I went to university a long time ago. I still remember the sense of anticipation and adventure. Living away from home, meeting new people, and, oh yes..studying.
When you start university, there is a mad scramble for friends. It’s not overt, but it pays to get out there in the first week or so meeting people and being sociable. It’s not something that comes naturally to everybody (certainly didn’t to me), but you feel instinctively that if you don’t find your group or at least someone to buddy-up with, it’s going to be a long and boring term.
I was fortunate, I did find friends, and some 25 years later, they’re still my friends. But even so, there were times at university when I felt loneliness creeping in, and when you’re away from your family and pre-uni friends, that feeling can be difficult to shake.
I remember some students being so homesick that they barely left their rooms. Others went home every weekend. The mental shift from having the life that you’re used to to moving into an environment where you’re surrounded by a varied group of perfect strangers can be quite a dramatic and even traumatising change. If you’re a student from abroad, there may also be the cultural shift to contend with. There are few instances in adult life where we have to go through such a stark change for such a prolonged period. Being a remote worker who has been sent to a different country for a year or two to work may be similar.
Sadly, some students find the adjustment very difficult, and if they haven’t made any close friends can feel very lonely and isolated. Sometimes this leads to tragic outcomes.
The start of university is not the only time when loneliness can kick in. It can also be during holidays when some students stay on campus whilst the majority have gone home. I did that a few times and it’s a strange feeling to be in an empty hall of residence – eerie.
Back in March 2019, the British government put together a task force to tackle the mental health challenges that some students face when starting university. It was set up to help students deal with the transition to independence as well as dealing with loneliness and isolation. Almost exactly one year on, COVID-19 arrived.

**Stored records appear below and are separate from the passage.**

Lemma psi_eq i j : (psi i == psi j) = (i == j %[mod M]).
Proof.
have odd_mod k : odd k = odd (k %% M).
  by rewrite {1}(divn_eq k M) oddD oddM oddX andbF.
apply/eqP/eqP => [psi_ij | ij].
  have ij_odd : odd i = odd j by rewrite -[odd i]negbK -[odd j]negbK -!psi_Fq psi_ij.
  move: psi_ij; rewrite /psi ij_odd => /mulfI coef_inj.
  apply/eqP; rewrite -(eq_prim_root_expr w_prim); apply/eqP/coef_inj.
  by case: ifP => _; rewrite ?e_neq0 ?c_neq0.
by rewrite /psi odd_mod ij -odd_mod; congr (_ * _); apply/eqP; rewrite (eq_prim_root_expr w_prim) ij.
Qed.

Lemma f_psi j : f (psi j) = psi (2 * j).
Proof.
have psi2E : psi (2 * j) = c * (w ^+ j) ^+ 2 by rewrite /psi oddM /= -exprM mulnC.
case: (boolP (odd j)) => j_odd.
  by rewrite f_skew ?psi_skew // psi2E /psi j_odd exprMn mulrA e_sqr.
by rewrite f_Fq ?psi_Fq // psi2E /psi (negbTE j_odd) exprMn mulrA aD1_c_sqr.
Qed.

Lemma sqr_eq_w_pow u j : ~~ odd j -> u ^+ 2 = w ^+ j -> exists k, u = w ^+ k.
Proof.
move=> j_even u_sqr; suff /(prim_rootP w_prim)[k ->] : u ^+ M = 1 by exists k.
rewrite expnS exprM u_sqr -exprM; apply/eqP; rewrite -(prim_order_dvd w_prim).
by rewrite expnS dvdn_pmul2r ?expn_gt0 // dvdn2.
Qed.

Lemma f_eq_psi z j : f z = psi j -> exists k, z = psi k.
Proof.
move=> fz_psi; have [j_odd | j_even] := boolP (odd j).
  by case/eqP: (f_neq_skew z (psi_skew j_odd) (psi_neq0 j)).
have psiE : psi j = c * w ^+ j by rewrite /psi (negbTE j_even).
have scaled_root u : u \in Fq -> u != 0 -> z ^+ 2 = u ^+ 2 * w ^+ j ->
    exists2 k, z = u * w ^+ k & (z \in Fq) = ~~ odd k.
  move=> u_Fq u_neq0 z_sqr.
  have [k zu_k] : exists k, z / u = w ^+ k.
    by apply: sqr_eq_w_pow j_even _; rewrite expr_div_n z_sqr mulrC mulKf ?expf_neq0.
  have z_uk : z = u * w ^+ k by rewrite -zu_k mulrC divfK.
  by exists k; rewrite // z_uk rpredMl ?unitfE ?w_pow_Fq.
have : f z \in Fq by rewrite fz_psi psi_Fq.
rewrite f_in_Fq => /orP[z_Fq | /eqP z_skew].
  have [|k z_k z_Fq_k] := scaled_root c c_Fq c_neq0.
    by apply: (mulfI aD1_neq0); rewrite -f_Fq // fz_psi psiE mulrA aD1_c_sqr.
  by exists k; rewrite /psi -[odd k]negbK -z_Fq_k z_Fq.
have z_neq0 : z != 0 by rewrite -(f_eq0 z) fz_psi psi_neq0.
have [|k z_k z_Fq_k] := scaled_root e e_Fq e_neq0.
  by apply: (mulfI aB1_neq0); rewrite -f_skew // fz_psi psiE mulrA e_sqr.
have k_odd : odd k.
  by rewrite -[odd k]negbK -z_Fq_k; apply: contra z_neq0 => /(skew_Fq_eq0 z_skew) ->.
by exists k; rewrite /psi k_odd.
Qed.

Lemma fcomp_c_psi j : fcomp f c (psi j).
Proof.
have fcomp_pow n : fcomp f (psi j) (psi (2 ^ n * j)).
  elim: n => [|n IHn]; first by rewrite mul1n; apply: connect0.
  by apply: connect_trans IHn _; rewrite expnS -mulnA -f_psi; apply: fcomp_edge.
rewrite fcomp_sym -psi0; suff <- : psi (2 ^ s.+1 * j) = psi 0 by apply: fcomp_pow.
by apply/eqP; rewrite psi_eq modnMr mod0n.
Qed.

Lemma fcomp_c_psi_range y : fcomp f c y -> exists j, y = psi j.
Proof.
pose in_range x := [exists k : 'I_M, x == psi k].
have in_rangeP x : reflect (exists j, x = psi j) (in_range x).
  apply: (iffP existsP) => [[k /eqP ->] | [j ->]]; first by exists k.
  by exists (Ordinal (ltn_pmod j (expn_gt0 2 s.+1))); rewrite psi_eq /= modn_mod.
move=> c_y; apply/in_rangeP; rewrite -(fcomp_invariant (A := in_range) _ c_y).
  by apply/in_rangeP; exists 0%N; rewrite psi0.
move=> x; apply/in_rangeP/in_rangeP => [[j ->] | [j /f_eq_psi //]].
by exists (2 * j)%N; rewrite f_psi.
Qed.

Lemma iso_component_c_of_root : iso_cycT f (fcomp f c) s.+1.
Proof.
exact: iso_cycT_doubling psi_eq f_psi fcomp_c_psi fcomp_c_psi_range.
Qed.

End ValuationAtLeastTwo.

Lemma component_c_val1 r : odd r -> q.-1 = (2 * r)%N -> exists y1 y2 y3 : L,
  [/\ uniq [:: c; y1; y2; y3],
      (forall y, fcomp f c y = (y \in [:: c; y1; y2; y3])),
      [/\ f y1 = c, f y2 = c & f y3 = c] &
      (forall z, [/\ f z != y1, f z != y2 & f z != y3])].
Proof.
move=> r_odd q_pred.
have ca_Fq : c / (a - 1) \in Fq := rpred_div c_Fq aB1_Fq.
have ca_neq0 : c / (a - 1) != 0 := mulf_neq0 c_neq0 (invr_neq0 aB1_neq0).
have [d d_sqr] := Fq_sqrt ca_Fq ca_neq0.
apply: (component_c_of_sqrt r_odd q_pred (d := d)).
by rewrite d_sqr mulrC mulfVK ?aB1_neq0.
Qed.

Lemma iso_component_c_val2 s r : odd r -> q.-1 = (2 ^ s * r)%N -> (2 <= s)%N ->
  iso_cycT f (fcomp f c) s.+1.
Proof.
move=> r_odd q_pred s_ge2.
have [w w_prim] : exists w : L, (2 ^ s.+1).-primitive_root w.
  apply: exists_prim_root; rewrite card_pred q_pred expnSr -mulnA dvdn_pmul2l ?expn_gt0 //.
  by rewrite dvdn_mull // dvdn2 /= negbK.
have w_skew := prim_root_skew r_odd q_pred w_prim.
set i := w ^+ (2 ^ s.-1).
have i_sqr : i ^+ 2 = -1.
  by rewrite -exprM -expnSr prednK ?(prim_root_2pow_half w_prim) // (leq_trans _ s_ge2).
have i_Fq : i \in Fq.
  by rewrite (w_pow_Fq w_prim w_skew) oddX orbF -lt0n -subn1 subn_gt0.
apply: (iso_component_c_of_root w_prim w_skew (e := (i * b)^-1)).
  by rewrite rpredV rpredM.
rewrite exprVn exprMn i_sqr b_sqr.
have -> : -1 * (1 - a ^+ 2) = (a - 1) * (a + 1) by ring.
by rewrite invfM mulrA mulfV ?aB1_neq0 ?mul1r.
Qed.

End Map.

End Subfield.

Theorem theorem22 (L : finFieldType) (q s r : nat) (a : L) :
  odd q -> #|L| = (q ^ 2)%N ->
  odd r -> q.-1 = (2 ^ s * r)%N ->
  inFq q a -> a != 0 -> a != 1 -> a != -1 ->
  chi2 q (1 - a ^+ 2) = 1 ->
  let f := fun x : L => x ^+ q.+1 + a * x ^+ 2 in
  let U := fun y : L => [exists x, inFq q x && fcomp f x y] in
  let c := (a + 1)^-1 in
  (forall x, inFq q x -> inFq q (f x) /\ f x = (a + 1) * x ^+ 2) /\
      (forall y, U y -> ~~ inFq q y ->
         [/\ inFq q (f y), chi2 q (f y * (a - 1)) = -1 & forall z, f z != y]) /\
      (forall al, inFq q al -> chi2 q (al * (a - 1)) = -1 ->
         #|[set y | ~~ inFq q y & f y == al]| = 2%N) /\
      (f 0 = 0 /\ forall y, fcomp f 0 y -> y = 0) /\
      f c = c /\
      ((s = 1)%N -> exists y1 y2 y3 : L,
         [/\ uniq [:: c; y1; y2; y3],
             (forall y, fcomp f c y = (y \in [:: c; y1; y2; y3])),
             [/\ f y1 = c, f y2 = c & f y3 = c] &
             (forall z, [/\ f z != y1, f z != y2 & f z != y3])]) /\
      ((2 <= s)%N -> iso_cycT f (fcomp f c) s.+1).
Proof.
move=> q_odd cardL r_odd q_pred a_Fq a_neq0 a_neq1 a_neqN1 /chi2_eq1[b b_Fq b_sqr] f U c.
split; first by move=> x x_Fq; split; [apply: Fq_f | apply: f_Fq].
split.
  move=> y /existsP[x /andP[x_Fq x_y]].
  exact: (component_Fq_skew q_odd cardL a_Fq a_neq0 a_neq1 a_neqN1 b_Fq b_sqr x_Fq x_y).
split; first exact: (card_skew_preimages q_odd cardL a_Fq a_neq0 a_neq1).
split; first by split; [apply/eqP; rewrite f_eq0 | apply: component0].
split; first exact: (f_c q_odd cardL a_Fq).
split=> [s_eq1 | s_ge2].
  apply: (component_c_val1 q_odd cardL a_Fq a_neq0 a_neq1 a_neqN1 b_Fq b_sqr r_odd).
  by rewrite q_pred s_eq1 expn1.
exact: (iso_component_c_val2 q_odd cardL a_Fq a_neq0 a_neq1 a_neqN1 b_Fq b_sqr r_odd q_pred s_ge2).
Qed.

University life is, for some, challenging enough. Put COVID in the mix and there is a real danger that these challenges can be compounded. At the time of writing, parties are not allowed and groups larger than 6 people are forbidden. Further to that, some students are finding that they have to self-isolate. Self-isolating at home is one thing – self-isolating in a student room is quite another.
So if you’re a student away from home, how do you cope with loneliness?
The first thing to do is recognise that it’s absolutely nothing to be embarrassed about. We humans are a social animal, even the introverted ones. If we don’t have meaningful connections in our lives, we feel lonely. That’s as natural as hunger without food and exhaustion without rest. None of those things are a cause for embarrassment.
Once we recognise that loneliness is a normal and natural response to a common situation, we should speak to someone about it. That could be your friends or family at home, another student who you feel would empathise, or a university member of staff. Most, if not all universities have bodies in place to support student wellbeing. If you’re struggling, reach out to them. They are there to help.
Finally, recognise that you are not the only one going through what you are experiencing. If you’re struggling to muster the courage to leave your room, are feeling lonely or even going through self-isolation, know that you are not alone. There are others going through exactly the same thing as you, so try to connect with them so that you can offer support for each other and make new friends along the way. Frindow has a ‘Student’ group, but there are many other sites where you can connect with other students who will understand exactly what you are going through.